In November 2025, the global payments industry reached a milestone nearly a decade in the making: the end of ‘coexistence’ for ISO 20022. For many banks, it felt like the finish line, but in reality, it was only the beginning. The real test is now underway.
Nearly half of banks, 44%, are not on track to meet one of the next major deadlines in November 2026. A small but significant share is already at risk of missing it altogether, highlighting how much work remains.

The next phase focuses on two major changes. Structured address data will become mandatory in cross-border payments, and banks must also adopt standardised workflows for exceptions and investigations. Without this, payments can be rejected, exception volumes can increase, and operational strain will rise quickly. In practice, that means disruption for clients and pressure on operations teams.

The real challenge for banks is not the format of messages, but the scale and quality of the data behind them. Banks estimate that around 32% of customer address records remain unstructured across onboarding, CRM and payment systems. In some cases, the share is even higher.

Some banks are treating ISO 20022 as a messaging upgrade. However, it is a data transformation, and many banks are behind. The next phase of ISO 20022 will test whether banks can manage structured data consistently across systems, processes and customer interactions. Early signs suggest this is proving far more complex than expected.

ISO 20022 is changing how payments work

From November 2026, unstructured postal addresses will no longer be permitted in CBPR+ messages. Instead, payments must contain a hybrid or fully structured address format using defined data fields such as house number, street and city. What appears to be a simple formatting change is, in practice, far more complex.

Address information is involved in many different systems, including customer onboarding, core banking, payments, compliance screening and operational processes. Historically, this data has been stored in free-text fields and is inconsistent across different systems and jurisdictions. Converting this legacy data into structured formats requires a full overhaul of the existing systems.

Banks must also work closely with corporate clients to update payment instructions and ensure upstream systems can send structured data. This introduces a layer of dependency that banks cannot fully control.

Even institutions that have modernised internally can face issues if clients or counterparties are not aligned with the new standards.

As for payment exceptions and investigations, operational teams now have a new process of categorising issues, conducting investigations and coordinating with counterparties.

For decades, cross-border payment investigations have relied heavily on free-text messaging between banks.
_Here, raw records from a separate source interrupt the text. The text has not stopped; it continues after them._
(* A lower bound comes from the n functionals psi_k(x) = sum_(j < D) w^(j k) x_j,
   where D = min(d, n) and w is a primitive D-th root of unity.  Each has norm D.
   For a block of D consecutive indices k, Parseval's identity for the discrete
   Fourier transform and the AM-GM inequality bound the product of the
   |psi_k(x)|^2 by D^D when ||x|| <= 1; the remaining n mod D factors are at
   most D each.  Hence ||psi_1 ... psi_n||^2 <= D^(2n - D m) with m = n %/ D,
   so every admissible constant is at least D^(D m / 2), and an elementary
   estimate compares this with d^n / (24 n)^d.
   Since c_n is an infimum, admissible constants must also be shown to exist:
   for arbitrary functionals, a grid point x with |psi_k(x)| >=
   max_j |psi_k(e_j)| / (2 (n + 1)) for all k exists by pigeonhole. *)

From mathcomp Require Import all_boot all_order all_algebra.
From mathcomp Require Import cyclic separable.
From mathcomp Require cyclotomic.
From mathcomp Require Import complex.
From mathcomp Require Import all_classical all_reals.
From mathcomp Require Import ring zify.
Import Order.TTheory GRing.Theory Num.Theory.

Lemma card_bigcup_le {I T : finType} (B : I -> {set T}) :
  #|\bigcup_i B i| <= \sum_i #|B i|.
Proof.
elim/big_rec2: _ => [|i U s _ IH]; first by rewrite cards0.
by rewrite (leq_trans (leq_card_setU _ _)) ?leq_add2l.
Qed.

Lemma exists_notin_small_sets {I T : finType} (B : I -> {set T}) :
  \sum_i #|B i| < #|T| -> exists x, forall i, x \notin B i.
Proof.
move=> small; case: (pickP [pred x | x \notin \bigcup_i B i]) => [x /= xB|none].
  by exists x => i; apply: contra xB => xBi; apply/bigcupP; exists i.
suff : #|T| <= #|\bigcup_i B i|.
  by rewrite leqNgt (leq_ltn_trans (card_bigcup_le B) small).
rewrite -cardsT; apply: subset_leq_card; apply/fintype.subsetP => x _.
by move/negbT: (none x); rewrite negbK.
Qed.

Lemma leq_card_line_transversal {I : finType} {N : nat} (j0 : I)
    (B : {set {ffun I -> 'I_N}}) :
  {in B &, forall g g' : {ffun I -> 'I_N}, (forall j, j != j0 -> g j = g' j) -> g = g'} ->
  #|B| * N <= #|{ffun I -> 'I_N}|.
Proof.
move=> lineB.
pose reset (p : {ffun I -> 'I_N} * 'I_N) := [ffun j => if j == j0 then p.2 else p.1 j].
have reset_inj : {in finset.setX B [set: 'I_N] &, injective reset}.
  move=> [g i] [g' i'] /finset.setXP[Bg _] /finset.setXP[Bg' _] /ffunP eq_reset.
  have := eq_reset j0; rewrite !ffunE eqxx /= => <-; congr pair.
  by apply: lineB => // j /negbTE j0j; have := eq_reset j; rewrite !ffunE j0j.
by rewrite -[N in _ * N]card_ord -cardsT -cardsX -(card_in_imset reset_inj) max_card.
Qed.

Lemma expn_le_block_bound {n d : nat} : 0 < n -> 0 < d ->
  d ^ n <= 4 * (24 * n) ^ d * minn d n ^ (minn d n * (n %/ minn d n)).
Proof.
move=> n_gt0 d_gt0; case: (leqP d n) => [le_dn|lt_nd].
  rewrite {1}(divn_eq n d) expnD [n %/ d * d]mulnC [_ * d ^ (d * _)]mulnC leq_mul2l.
  apply/orP; right; apply: leq_trans (_ : d ^ d <= 4 * (24 * n) ^ d).
    exact: leq_pexp2l d_gt0 (ltnW (ltn_pmod n d_gt0)).
  apply: leq_trans (leq_pmull _ (isT : 0 < 4)); rewrite leq_exp2r //.
  exact: leq_trans le_dn (leq_pmull n (isT : 0 < 24)).
(* with q = d %/ n: d < (q + 1) n and q + 1 <= 2 ^ q give d ^ n <= 2 ^ d * n ^ n *)
rewrite divnn n_gt0 muln1; set q := d %/ n.
have lt_d : d < q.+1 * n by rewrite mulSn {1}(divn_eq d n) addnC ltn_add2r ltn_pmod.
have le_q : q.+1 ^ n <= 2 ^ d.
  apply: (@leq_trans ((2 ^ q) ^ n)); first by rewrite leq_exp2r // ltn_expl.
  by rewrite -expnM leq_exp2l // leq_divM.
apply: (@leq_trans (q.+1 ^ n * n ^ n)); first by rewrite -expnMn leq_exp2r // ltnW.
rewrite leq_mul2r (leq_trans le_q) ?orbT // (leq_trans _ (leq_pmull _ (isT : 0 < 4))) //.
by rewrite leq_exp2r // (leq_trans _ (leq_pmulr 24 n_gt0)).
Qed.

Local Open Scope ring_scope.

Lemma prod_nat_periodic (S : comPzSemiRingType) (D m : nat) (f : nat -> S) :
  (forall k, f k = f (k %% D)%N) ->
  \prod_(0 <= k < m * D) f k = (\prod_(s < D) f s) ^+ m.
Proof.
move=> fD; elim: m => [|m IHm]; first by rewrite mul0n big_geq ?expr0.
rewrite mulSn addnC (big_cat_nat _ (leq_addr _ _)) //= IHm exprSr; congr (_ * _).
rewrite -{1}[(m * D)%N]add0n big_addn addKn big_mkord; apply: eq_bigr => s _.
by rewrite fD addnC modnMDl -fD.
Qed.

Lemma closed_prim_root_exists (F : closedFieldType) (n : nat) :
  (0 < n)%N -> n%:R != 0 :> F -> exists z : F, n.-primitive_root z.
Proof.
move=> n_gt0 nF0; pose p : {poly F} := 'X^n - 1.
have [r Dp] := closed_field_poly_normal p.
rewrite (monicP _) ?monicXnsubC // scale1r in Dp.
have rn1 : all n.-unity_root r by apply/allP=> z; rewrite -root_prod_XsubC -Dp.
have sz_r : (n < (size r).+1)%N by rewrite -(size_prod_XsubC r id) -Dp size_XnsubC.
have [|z] := hasP (has_prim_root n_gt0 rn1 _ sz_r); last by exists z.
by rewrite -separable_prod_XsubC -Dp cyclotomic.separable_Xn_sub_1.
Qed.

Section DiscreteFourier.
Context {C : numClosedFieldType} {D : nat} {z : C}.
Hypothesis zD : D.-primitive_root z.

Lemma prim_root_norm1 : `|z| = 1.
Proof.
have D_gt0 := prim_order_gt0 zD.
apply/eqP; rewrite -(pexpr_eq1 D_gt0) ?normr_ge0 //.
by rewrite -normrX prim_expr_order // normr1.
Qed.

Lemma sum_prim_root_conj (j l : 'I_D) :
  \sum_(s < D) z ^+ (j * s) * (z ^+ (l * s))^* = (j == l)%:R * D%:R.
Proof.
pose w := z ^+ j * (z ^+ l)^*.
have -> : \sum_(s < D) z ^+ (j * s) * (z ^+ (l * s))^* = \sum_(s < D) w ^+ s.
  by apply: eq_bigr => s _; rewrite exprMn !exprM rmorphXn.
have zl1 : z ^+ l * (z ^+ l)^* = 1 by rewrite -normCK normrX prim_root_norm1 !expr1n.
have [eq_jl|ne_jl] := eqVneq j l.
  rewrite /w eq_jl zl1 mul1r.
  under eq_bigr do rewrite expr1n.
  by rewrite sumr_const card_ord.
have w1 : w != 1.
  apply: contra_neq ne_jl => w1; apply: val_inj.
  have : z ^+ j == z ^+ l by rewrite -[z ^+ j]mulr1 -zl1 mulrCA -/w w1 mulr1.
  by rewrite (eq_prim_root_expr zD) !modn_small // => /eqP.
have wD : w ^+ D = 1.
  rewrite exprMn -rmorphXn -!exprM (mulnC j) (mulnC l) !exprM.
  by rewrite !(prim_expr_order zD) !expr1n rmorph1 mulr1.
have := subrX1 w D; rewrite wD subrr => /esym /eqP.
by rewrite mulf_eq0 subr_eq0 (negbTE w1) mul0r => /eqP.
Qed.

Lemma dft_parseval (a : 'I_D -> C) :
  \sum_(s < D) `|\sum_(j < D) z ^+ (j * s) * a j| ^+ 2 = D%:R * \sum_(j < D) `|a j| ^+ 2.
Proof.
transitivity (\sum_(j < D) \sum_(l < D)
    a j * (a l)^* * \sum_(s < D) z ^+ (j * s) * (z ^+ (l * s))^*).
  under eq_bigr do rewrite normCK rmorph_sum big_distrlr /=.
  rewrite exchange_big; apply: eq_bigr => j _.
  rewrite exchange_big; apply: eq_bigr => l _.
  by rewrite mulr_sumr; apply: eq_bigr => s _; rewrite rmorphM; ring.
rewrite mulr_sumr; apply: eq_bigr => j _.
under eq_bigr do rewrite sum_prim_root_conj.
rewrite (bigD1 j) //= eqxx big1 => [|l ne_lj]; last by rewrite eq_sym (negbTE ne_lj) !mul0r mulr0.
by rewrite mul1r addr0 normCK mulrC.
Qed.

Lemma dft_prod_sqr_le (a : 'I_D -> C) : (forall j, `|a j| <= 1) ->
  \prod_(s < D) `|\sum_(j < D) z ^+ (j * s) * a j| ^+ 2 <= D%:R ^+ D.
Proof.
move=> a_le1; pose E (s : 'I_D) := `|\sum_(j < D) z ^+ (j * s) * a j| ^+ 2.
have E_ge0 : {in predT, forall s, 0 <= E s} by move=> s _; rewrite exprn_ge0.
have := (leif_AGM E_ge0).1; rewrite cardT size_enum_ord => /le_trans; apply.
have D_gt0 := prim_order_gt0 zD.
rewrite dft_parseval // mulrAC divff ?mul1r ?pnatr_eq0 -?lt0n //.
have sum_le : \sum_(j < D) `|a j| ^+ 2 <= D%:R.
  rewrite -[X in _ <= X%:R]card_ord -sumr_const; apply: ler_sum => j _.
  by rewrite expr_le1.
apply: lerXn2r => //; rewrite ?nnegrE ?ler0n //.
by apply: sumr_ge0 => j _; rewrite exprn_ge0.
Qed.

End DiscreteFourier.

Local Open Scope complex_scope.

Section ComplexModulus.
Context {R : realType}.
Implicit Types (z w : R[i]) (c : R).

Lemma cmodE z : (cmod z)%:C = `|z|.
Proof. by rewrite normc_def. Qed.

Lemma cmod_ge0 z : 0 <= cmod z.
Proof. exact: sqrtr_ge0. Qed.

Lemma cmodM z w : cmod (z * w) = cmod z * cmod w.
Proof. by apply: complexI; rewrite rmorphM /= !cmodE normrM. Qed.

Lemma cmodX z k : cmod (z ^+ k) = cmod z ^+ k.
Proof. by apply: complexI; rewrite rmorphXn /= !cmodE normrX. Qed.

Lemma cmodD z w : cmod (z + w) <= cmod z + cmod w.
Proof. by rewrite -lecR rmorphD /= !cmodE ler_normD. Qed.

Lemma cmodN z : cmod (- z) = cmod z.
Proof. by apply: complexI; rewrite !cmodE normrN. Qed.

Lemma cmodR c : cmod c%:C = `|c|.
Proof. by rewrite /cmod /= expr0n /= addr0 sqrtr_sqr. Qed.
ISO 20022 introduces a shift toward structured workflows using CAMT messages, replacing free-text communication with defined data fields. This directly reshapes how payments operations function.

Once enforcement begins, systems will not accommodate incomplete or unstructured data. Payments risk being rejected, exception volumes are likely to rise, and operational strain will increase.

Legacy systems are the bottleneck

Many core banking platforms were not designed to support granular structured address fields across multiple national formats. Updating these systems will require not only a redesign of the current system, but also integration of new systems and extensive testing to make sure they are all operating correctly.

Around 60% of institutions report gaps in core banking systems when supporting structured address fields, highlighting how widespread these limitations remain.

Unsurprisingly, that level of change comes with a big price tag. Banks report spending around $20m on average to meet the 2026 requirements, with larger institutions spending closer to $30m. Many institutions are also deploying additional staff to support delivery, typically adding around a dozen specialists to ISO 20022 programmes.

And the updates don’t sit with just one team. ISO 20022 programmes involve payments technology, compliance, financial crime, operations and client services. That means without coordination, institutions can easily end up duplicating efforts.

Recent research suggests this is already happening in delivery. More than 60% of institutions say they are delivering ISO 20022 changes through several parallel programmes rather than a single consolidated transformation initiative.

Compliance is not the same as readiness

With so much happening at once, it’s not so surprising that banks are focusing on simply meeting the deadline. Indeed, the industry seems to be split in how it approaches the next phase of ISO 20022. Around 45% of the banks say they are implementing the minimum changes required to meet regulatory expectations rather than pursuing broader operational transformation. But this approach misses the real value of ISO 20022.

Structured payment data has the potential to improve transparency, financial crime controls, and enable automated investigation workflows. It can also give banks better visibility into payment flows and reduce operational frictions.

This is the chance for banks to truly modernise their payments operations and build systems that can support structured data.

Banks that focus on patchwork fixes will find themselves repeatedly reacting to the next deadline, and the one after that. Building the right foundation once is easier and more sustainable than constantly having to revisit the same problems every time a new deadline appears.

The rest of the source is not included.